● WORK INSTRUCTION
Output only the lines from the one holding "From mathcomp Require Import mpoly." to the end of the data below, please, copied exactly.

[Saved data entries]
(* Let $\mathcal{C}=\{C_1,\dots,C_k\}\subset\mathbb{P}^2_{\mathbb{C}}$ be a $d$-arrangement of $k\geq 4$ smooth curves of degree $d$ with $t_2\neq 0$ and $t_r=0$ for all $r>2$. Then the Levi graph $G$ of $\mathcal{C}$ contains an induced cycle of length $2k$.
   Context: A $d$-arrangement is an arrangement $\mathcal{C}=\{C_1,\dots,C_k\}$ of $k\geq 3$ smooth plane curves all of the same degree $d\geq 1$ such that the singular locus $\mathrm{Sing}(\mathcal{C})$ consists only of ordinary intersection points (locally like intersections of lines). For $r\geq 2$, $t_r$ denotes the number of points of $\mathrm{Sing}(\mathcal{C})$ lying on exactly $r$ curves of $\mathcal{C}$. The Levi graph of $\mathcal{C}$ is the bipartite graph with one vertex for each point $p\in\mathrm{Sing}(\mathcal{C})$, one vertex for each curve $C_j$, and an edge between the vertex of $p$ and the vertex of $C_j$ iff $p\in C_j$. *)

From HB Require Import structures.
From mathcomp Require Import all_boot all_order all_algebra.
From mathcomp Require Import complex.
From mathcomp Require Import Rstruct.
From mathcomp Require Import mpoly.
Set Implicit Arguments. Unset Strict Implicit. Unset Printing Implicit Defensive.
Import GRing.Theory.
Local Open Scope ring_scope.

● ANSWER SECTION
From mathcomp Require Import mpoly.
Set Implicit Arguments. Unset Strict Implicit. Unset Printing Implicit Defensive.
Import GRing.Theory.
Local Open Scope ring_scope.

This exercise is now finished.